(* Let $k \in \mathbb{N}$ with $k > 3$. Then $$\max\left\{1, \left\lceil\frac{k}{4}\right\rceil - 1\right\} \leq q(k) < \begin{cases} \frac{k}{3} & \text{if } k \bmod 3 = 0,\\ \left\lceil\frac{k}{2}\right\rceil & \text{otherwise.}\end{cases}$$
   Context: For a graph $G$ with an edge-colouring $f\colon E(G)\to\{1,\dots,k\}$ and $1\le j\le k$: $e_j[v]$ is the number of edges coloured $j$ in the subgraph induced by the closed neighbourhood $N[v]$ of $v$, and $\deg_j(v)$ is the number of edges coloured $j$ incident to $v$. Given a strictly increasing sequence of positive integers $(a_1,\dots,a_k)$, a $d$-regular graph $G$ with $d=\sum_j a_j$ is an $(a_1,\dots,a_k)$-flip graph if there is an edge-colouring with colours $\{1,\dots,k\}$ such that $\deg_j(v)=a_j$ for all vertices $v$ and all $j$, and $e_k[v]<e_{k-1}[v]<\dots<e_1[v]$ for every vertex $v$; the sequence is then a $k$-flip sequence. For $k\ge 2$, call an index $q\in\{1,\dots,k-1\}$ admissible if there exists $h\in\mathbb{N}$ such that for every $N\in\mathbb{N}$ there is a $k$-flip sequence $(a_1,\dots,a_k)$ with $a_q=h$ and $a_k>N$. $q(k)$ denotes the largest admissible index (the upper bound asserts that every admissible index is below the stated value). *)

From mathcomp Require Import all_boot all_order.
Set Implicit Arguments. Unset Strict Implicit. Unset Printing Implicit Defensive.

Definition simple_graph (T : finType) (e : rel T) : Prop :=
  (forall x, ~~ e x x) /\ (forall x y, e x y = e y x).

Definition cnbhd (T : finType) (e : rel T) (v : T) : {set T} :=
  [set u | (u == v) || e v u].

(* deg_j(v): number of edges coloured j incident to v.
   An edge colouring is a symmetric function c : T -> T -> nat (only its
   values on edges matter); colours are 1..k. *)
Definition degc (T : finType) (e : rel T) (c : T -> T -> nat) (j : nat) (v : T)
  : nat := #|[set u | e v u && (c v u == j)]|.

(* e_j[v]: number of edges coloured j in the subgraph induced by N[v].
   Ordered pairs are counted, hence the division by 2 (exact, since e is
   symmetric and irreflexive and c is symmetric). *)
Definition ecnt (T : finType) (e : rel T) (c : T -> T -> nat) (j : nat) (v : T)
  : nat :=
  #|[set p : T * T | [&& p.1 \in cnbhd e v, p.2 \in cnbhd e v,
                        e p.1 p.2 & c p.1 p.2 == j]]| %/ 2.
(* Let $n\ge 2$. The probability $p_n$ that two randomly generated (i.e. an unordered pair of distinct matrices chosen uniformly at random) $n^2\times n^2$ S-permutation matrices are disjoint is $$p_n=\frac{\xi_n}{(n!)^{2n}-1},\qquad\text{where}\qquad \xi_n=\sum_{\overline{A}\in\overline{\mathfrak{B}}_n,\ \varepsilon(\overline{A})\ge 2}(-1)^{\varepsilon(\overline{A})}\,|\overline{A}|\prod_{i=0}^{n-2}\left[(n-i)!\right]^{\psi_i(\overline{A})}.$$
   Context: An $n^2\times n^2$ S-permutation matrix is an $n^2\times n^2$ binary matrix which, when partitioned into $n^2$ non-intersecting consecutive $n\times n$ blocks, contains exactly one $1$ in each row, each column and each block; there are $(n!)^{2n}$ of them. Two binary matrices $(a_{ij}),(b_{ij})$ of equal size are disjoint if there are no $i,j$ with $a_{ij}=b_{ij}=1$. $\mathfrak{B}_n$ is the set of $n\times n$ binary matrices. For $A\in\mathfrak{B}_n$, $r_k(A)$ (resp. $c_k(A)$) is the number of rows (resp. columns) of $A$ with exactly $k$ ones, $\psi_k(A)=r_k(A)+c_k(A)$, and $\varepsilon(A)$ is the total number of ones of $A$. $A\sim B$ iff $B$ is obtained from $A$ by permuting rows; $\overline{A}$ is the equivalence class of $A$, $|\overline{A}|$ its cardinality, $\overline{\mathfrak{B}}_n=\mathfrak{B}_n/\!\sim$; $\psi_k,\varepsilon$ are defined on classes via any representative. *)

From mathcomp Require Import all_boot all_order all_fingroup all_algebra.
Set Implicit Arguments. Unset Strict Implicit. Unset Printing Implicit Defensive.
Import GRing.Theory Num.Theory.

## [TASK PROMPT]
Only the lines from the first line of the records through the one containing "symmetric and irreflexive" should be reproduced, exactly, with both of them included.

## [RESULT OF THE TASK]
(* Let $k \in \mathbb{N}$ with $k > 3$. Then $$\max\left\{1, \left\lceil\frac{k}{4}\right\rceil - 1\right\} \leq q(k) < \begin{cases} \frac{k}{3} & \text{if } k \bmod 3 = 0,\\ \left\lceil\frac{k}{2}\right\rceil & \text{otherwise.}\end{cases}$$
   Context: For a graph $G$ with an edge-colouring $f\colon E(G)\to\{1,\dots,k\}$ and $1\le j\le k$: $e_j[v]$ is the number of edges coloured $j$ in the subgraph induced by the closed neighbourhood $N[v]$ of $v$, and $\deg_j(v)$ is the number of edges coloured $j$ incident to $v$. Given a strictly increasing sequence of positive integers $(a_1,\dots,a_k)$, a $d$-regular graph $G$ with $d=\sum_j a_j$ is an $(a_1,\dots,a_k)$-flip graph if there is an edge-colouring with colours $\{1,\dots,k\}$ such that $\deg_j(v)=a_j$ for all vertices $v$ and all $j$, and $e_k[v]<e_{k-1}[v]<\dots<e_1[v]$ for every vertex $v$; the sequence is then a $k$-flip sequence. For $k\ge 2$, call an index $q\in\{1,\dots,k-1\}$ admissible if there exists $h\in\mathbb{N}$ such that for every $N\in\mathbb{N}$ there is a $k$-flip sequence $(a_1,\dots,a_k)$ with $a_q=h$ and $a_k>N$. $q(k)$ denotes the largest admissible index (the upper bound asserts that every admissible index is below the stated value). *)

From mathcomp Require Import all_boot all_order.
Set Implicit Arguments. Unset Strict Implicit. Unset Printing Implicit Defensive.

Definition simple_graph (T : finType) (e : rel T) : Prop :=
  (forall x, ~~ e x x) /\ (forall x y, e x y = e y x).

Definition cnbhd (T : finType) (e : rel T) (v : T) : {set T} :=
  [set u | (u == v) || e v u].

(* deg_j(v): number of edges coloured j incident to v.
   An edge colouring is a symmetric function c : T -> T -> nat (only its
   values on edges matter); colours are 1..k. *)
Definition degc (T : finType) (e : rel T) (c : T -> T -> nat) (j : nat) (v : T)
  : nat := #|[set u | e v u && (c v u == j)]|.

(* e_j[v]: number of edges coloured j in the subgraph induced by N[v].
   Ordered pairs are counted, hence the division by 2 (exact, since e is
   symmetric and irreflexive and c is symmetric). *)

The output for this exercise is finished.